Гендиректор компании «Экспо-Парк», организующей главные ярмарки страны в культурной сфере, рассказал «Культуромании» о своей бизнес-философии
Василий Бычков родился в 1958 году в Москве. Окончил Московский архитектурный институт. Основатель и генеральный директор компании «Экспо-Парк Выставочные проекты» — организатора таких выставок, как ярмарка классического, современного и ювелирного искусства «Арт-Москва», «Российский антикварный салон», международная выставка архитектуры и дизайна «АРХ Москва», международная ярмарка интеллектуальной литературы non/fiction. Президент Международной конфедерации коллекционеров, антикваров и арт-дилеров.
— Я зашел и увидел, что вы сидите вместе с другими сотрудниками, без отдельного кабинета. Это какая-то философия?
— У нас просто не очень большая компания.
— Зато дела большие.
— Наши выставки не столько масштабные, сколько знаковые. Все №1 в своих областях. «Антикварный салон», представляющий классическое искусство, он фактически единственный вот уже 25 лет в стране. Ярмарка «Арт-Москва» когда-то тоже была единственной, представляя современное искусство. Но, с другой стороны, уникален ее сегодняшний формат — гибридный, где сочетается классическое, современное, ювелирное искусство, даже дизайн. Еще один проект, «Арх-Москва», не единственная выставка, посвященная архитектуре и дизайну, но она считается главной в России. Ну и ярмарка Non-fiction тоже не единственная, но вполне себе уникальная, так как крайне тщательно фильтрует то, что представляют издательства с точки зрения качества чтения. Все эти выставки мы делаем в Гостином дворе, на площади 12.000 кв. м. Примерно такая же площадь была в ЦДХ, где мы делали эти ярмарки прежде.

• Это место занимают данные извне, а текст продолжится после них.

Lemma height_square q : height (q * q) = exp (INR (q * q) - INR q).
Proof.
  unfold height. rewrite mass_square, p_gap.
  set (x := INR (q * q)); set (y := INR q).
  replace (x - y) with (- y - - x) by ring. rewrite Rminus_def, exp_plus, (exp_Ropp (- x)).
  pose proof gap_ratio_gt_half; pose proof (exp_pos (- x)).
  field; split; lra.
Qed.

Lemma mass_between_squares n j :
  (n * n < j)%nat -> (S j <= S n * S n)%nat -> mass j = 0.
Proof.
  intros Hlo Hhi.
  assert (Hup : forall k, (n * n < k)%nat -> (k <= S n * S n)%nat -> Nat.sqrt_up k = S n).
  { intros k Hk1 Hk2.
    apply Nat.sqrt_up_lt_square in Hk1; [| lia | lia].
    apply Nat.sqrt_up_le_square in Hk2; [| lia | lia]. lia. }
  unfold mass; rewrite (Hup j), (Hup (S j)) by lia; ring.
Qed.

Lemma nu_on_cell j s : p j <= s < p (S j) -> nu s = height j.
Proof. intros Hs; unfold nu; rewrite (cell_eq s j Hs); reflexivity. Qed.

Lemma nu_nonneg : nonneg_on01 nu.
Proof. intros s _; apply height_nonneg. Qed.

Lemma nu_loc_integrable : loc_integrable nu.
Proof.
  apply loc_integrable_cells with (g := fun j _ => height j).
  - intros j; apply ex_RInt_const.
  - intros j s Hs; apply nu_on_cell; lra.
Qed.

Lemma RInt_nu_cell j : RInt nu (p j) (p (S j)) = mass j :> R.
Proof.
  rewrite (RInt_ext nu (fun _ => height j)).
  - rewrite RInt_const. unfold height, scal; simpl; unfold mult; simpl.
    pose proof (p_gap_pos j); field; lra.
  - intros x Hx. rewrite Rmin_left, Rmax_right in Hx by (apply p_le; lia).
    apply nu_on_cell; lra.
Qed.

Lemma RInt_nu_telescope m N : (m <= N)%nat ->
  RInt nu (p m) (p N) = exp (- INR (Nat.sqrt_up m)) - exp (- INR (Nat.sqrt_up N)) :> R.
Proof.
  induction 1 as [| N Hle IH]; [rewrite RInt_point; unfold zero; simpl; ring |].
  rewrite (RInt_split nu (p m) (p N) (p (S N))), IH, RInt_nu_cell
    by (apply nu_loc_integrable; [apply p_nonneg | apply p_le | apply p_lt_1]; lia).
  unfold mass; ring.
Qed.

Lemma nu_partial_upper m a b :
  p m <= a -> a <= b -> b < 1 -> RInt nu a b <= exp (- INR (Nat.sqrt_up m)).
Proof.
  intros Ha Hab Hb. destruct (exists_p_gt b Hb) as [N HN].
  assert (HmN : (m <= N)%nat).
  { apply Nat.nlt_ge; intros HNm. pose proof (p_le N m ltac:(lia)); lra. }
  pose proof (RInt_mono_interval nu nu_loc_integrable nu_nonneg (p m) a b (p N)
    (p_nonneg m) Ha Hab ltac:(lra) (p_lt_1 N)).
  rewrite RInt_nu_telescope in H by exact HmN.
  pose proof (exp_pos (- INR (Nat.sqrt_up N))); lra.
Qed.

Lemma nu_tail_upper m r L :
  p m <= r < 1 -> has_tail nu r L -> L <= exp (- INR (Nat.sqrt_up m)).
Proof.
  intros Hr HL. apply (tail_le_bound nu nu_loc_integrable r L); auto.
  - pose proof (p_nonneg m); lra.
  - intros b Hb; apply nu_partial_upper; lra.
Qed.

(* Lower bound for tails starting before p m: the next square cell alone
   carries e^{-⌈√m⌉}(1 - e^{-1}). *)
Lemma nu_tail_lower m r L :
  0 <= r <= p m -> has_tail nu r L -> exp (- INR (Nat.sqrt_up m)) * gap_ratio <= L.
Proof.
  intros Hr HL. set (q := Nat.sqrt_up m).
  assert (Hmq : (m <= q * q)%nat) by (apply Nat.sqrt_up_le_square; lia).
  assert (Hcells : RInt nu (p m) (p (S (q * q))) = exp (- INR q) * gap_ratio :> R).
  { rewrite RInt_nu_telescope, Nat.sqrt_up_succ_square by lia.
    fold q. rewrite S_INR, <- mass_square. unfold mass.
    rewrite Nat.sqrt_up_square, Nat.sqrt_up_succ_square, S_INR by lia; ring. }
  rewrite <- Hcells.
  apply (tail_ge_partial nu nu_loc_integrable nu_nonneg r L);
    [lra | exact HL | lra | apply p_le; lia | apply p_lt_1].
Qed.

Lemma nu_radial : radial_weight nu.
Proof.
  apply (radial_weight_intro nu nu_loc_integrable nu_nonneg 1).
  - intros a b Ha Hab Hb. replace 1 with (exp (- INR (Nat.sqrt_up 0))).
    + apply nu_partial_upper; rewrite ?p_0; lra.
    + simpl; rewrite Ropp_0; apply exp_0.
  - intros r L Hr HL. destruct (exists_p_gt r (proj2 Hr)) as [N HN].
    pose proof (nu_tail_lower N r L ltac:(lra) HL).
    pose proof gap_ratio_gt_half; pose proof (exp_pos (- INR (Nat.sqrt_up N))); nra.
Qed.

(* Two extra decay steps cost at most the constant 18 = 2·9 > e²/(1-e^{-1}). *)
Lemma exp_two_steps x : exp (- x) <= 18 * (exp (- (x + 2)) * gap_ratio).
Proof.
  replace (- x) with (- (x + 2) + (1 + 1)) by ring.
  rewrite !exp_plus. pose proof exp_le_3; pose proof gap_ratio_gt_half.
  pose proof (exp_pos (- (x + 2))); pose proof (exp_pos 1).
  assert (exp 1 * exp 1 <= 9) by nra. nra.
Qed.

— И где вам больше нравится?
— Здесь, в Гостином дворе. Очень хорошая транспортная доступность, четыре метро рядом, две огромные парковки под боком. Поначалу, конечно, сомневались, так как до того 20 лет работали в ЦДХ. Но когда провели здесь две первые выставки, успели слава Богу до пандемии, была рекордная посещаемость, всем очень понравился этот антураж — Бове, Кваренги, воздух, до стеклянного потолка двадцать метров. А еще, что с выставочной точки зрения очень хорошо — есть верхняя видовая точка, с которой возможно наблюдать всю выставку. Точка, где вас настигает вау-эффект.

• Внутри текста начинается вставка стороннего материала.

Lemma length_subsets_of_size (d k : nat) : INR (length (subsets_of_size d k)) = binom d k.
Proof.
  rewrite <- (Rmult_1_r (INR _)), <- lsum_const. revert k. induction d; intros k.
  - destruct k; unfold lsum; simpl; ring.
  - rewrite lsum_subsets_of_size_S, IHd. destruct k; simpl; [rewrite binom_n_0|rewrite IHd]; ring.
Qed.

Fixpoint prod_on (H : list bool) (g : nat -> R) : R :=
  match H with
  | [] => 1
  | b :: H' => (if b then g 0%nat else 1) * prod_on H' (shift g)
  end.

Fixpoint esym (d : nat) (v : nat -> R) (t : nat) : R :=
  match d, t with
  | _, O => 1
  | O, S _ => 0
  | S d', S t' => v 0%nat * esym d' (shift v) t' + esym d' (shift v) (S t')
  end.

Lemma esym_0 (d : nat) (v : nat -> R) : esym d v 0 = 1.
Proof. now destruct d. Qed.

Lemma esym_gt (d t : nat) (v : nat -> R) : (d < t)%nat -> esym d v t = 0.
Proof.
  revert v t; induction d; intros v t Ht; destruct t; simpl; try lia; auto.
  rewrite !IHd by lia. ring.
Qed.

Lemma esym_nonneg (d t : nat) (v : nat -> R) :
  (forall x, (x < d)%nat -> 0 <= v x) -> 0 <= esym d v t.
Proof.
  revert v t; induction d; intros v t Hv; destruct t; simpl; try lra.
  assert (0 <= v 0%nat) by (apply Hv; lia).
  assert (Hs : forall x, (x < d)%nat -> 0 <= shift v x) by (intros; apply Hv; lia).
  pose proof (IHd (shift v) t Hs). pose proof (IHd (shift v) (S t) Hs). nra.
Qed.

Lemma lsum_subsets_of_size_prod_on (d k : nat) (g : nat -> R) :
  lsum (subsets_of_size d k) (fun H => prod_on H g) = esym d g k.
Proof.
  revert k g; induction d; intros k g.
  - destruct k; unfold lsum; simpl; ring.
  - rewrite lsum_subsets_of_size_S. simpl prod_on.
    rewrite (lsum_ext _ _ (fun H => prod_on H (shift g))) by (intros; ring).
    destruct k; simpl esym; rewrite IHd; [rewrite esym_0; ring|]. now rewrite lsum_scal, IHd.
Qed.

(* The number of k-subsets of a d-set containing a fixed t-subset. *)
Definition supersets (d t k : nat) : R := if Nat.leb t k then binom (d - t) (k - t) else 0.

Lemma supersets_0 (d k : nat) : supersets d 0 k = binom d k.
Proof. unfold supersets. simpl. now rewrite !Nat.sub_0_r. Qed.

Lemma supersets_pascal (d t k : nat) : (t < d)%nat ->
  supersets d t k = supersets d (S t) k + supersets d (S t) (S k).
Proof.
  intros Ht. unfold supersets.
  change (Nat.leb (S t) (S k)) with (Nat.leb t k). change (S k - S t)%nat with (k - t)%nat.
  destruct (Nat.leb_spec t k); destruct (Nat.leb_spec (S t) k); try lia.
  - replace (d - t)%nat with (S (d - S t)) by lia.
    replace (k - t)%nat with (S (k - S t)) by lia. simpl binom. ring.
  - replace k with t by lia. rewrite Nat.sub_diag, !binom_n_0. ring.
  - ring.
Qed.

— Для культурной сферы вы компания уникальная — ведете сразу несколько проектов.
— Да, обычно у выставочных компаний 1-2 проекта в областях близких к культуре и все. Хотя когда-то мы делали, представляете, 12 выставок. Были еще совместные контракты с зарубежными партнерами. Кстати, одну из совместных выставок, Shop Design, мы сейчас возрождаем. Она должна пройти здесь в следующем году.
— Вы уникальны еще и потому, что занимаетесь этим почти тридцать лет. Как вам удалось так быстро сориентироваться в начале девяностых в новой реальности, а потом и удерживать лидерство?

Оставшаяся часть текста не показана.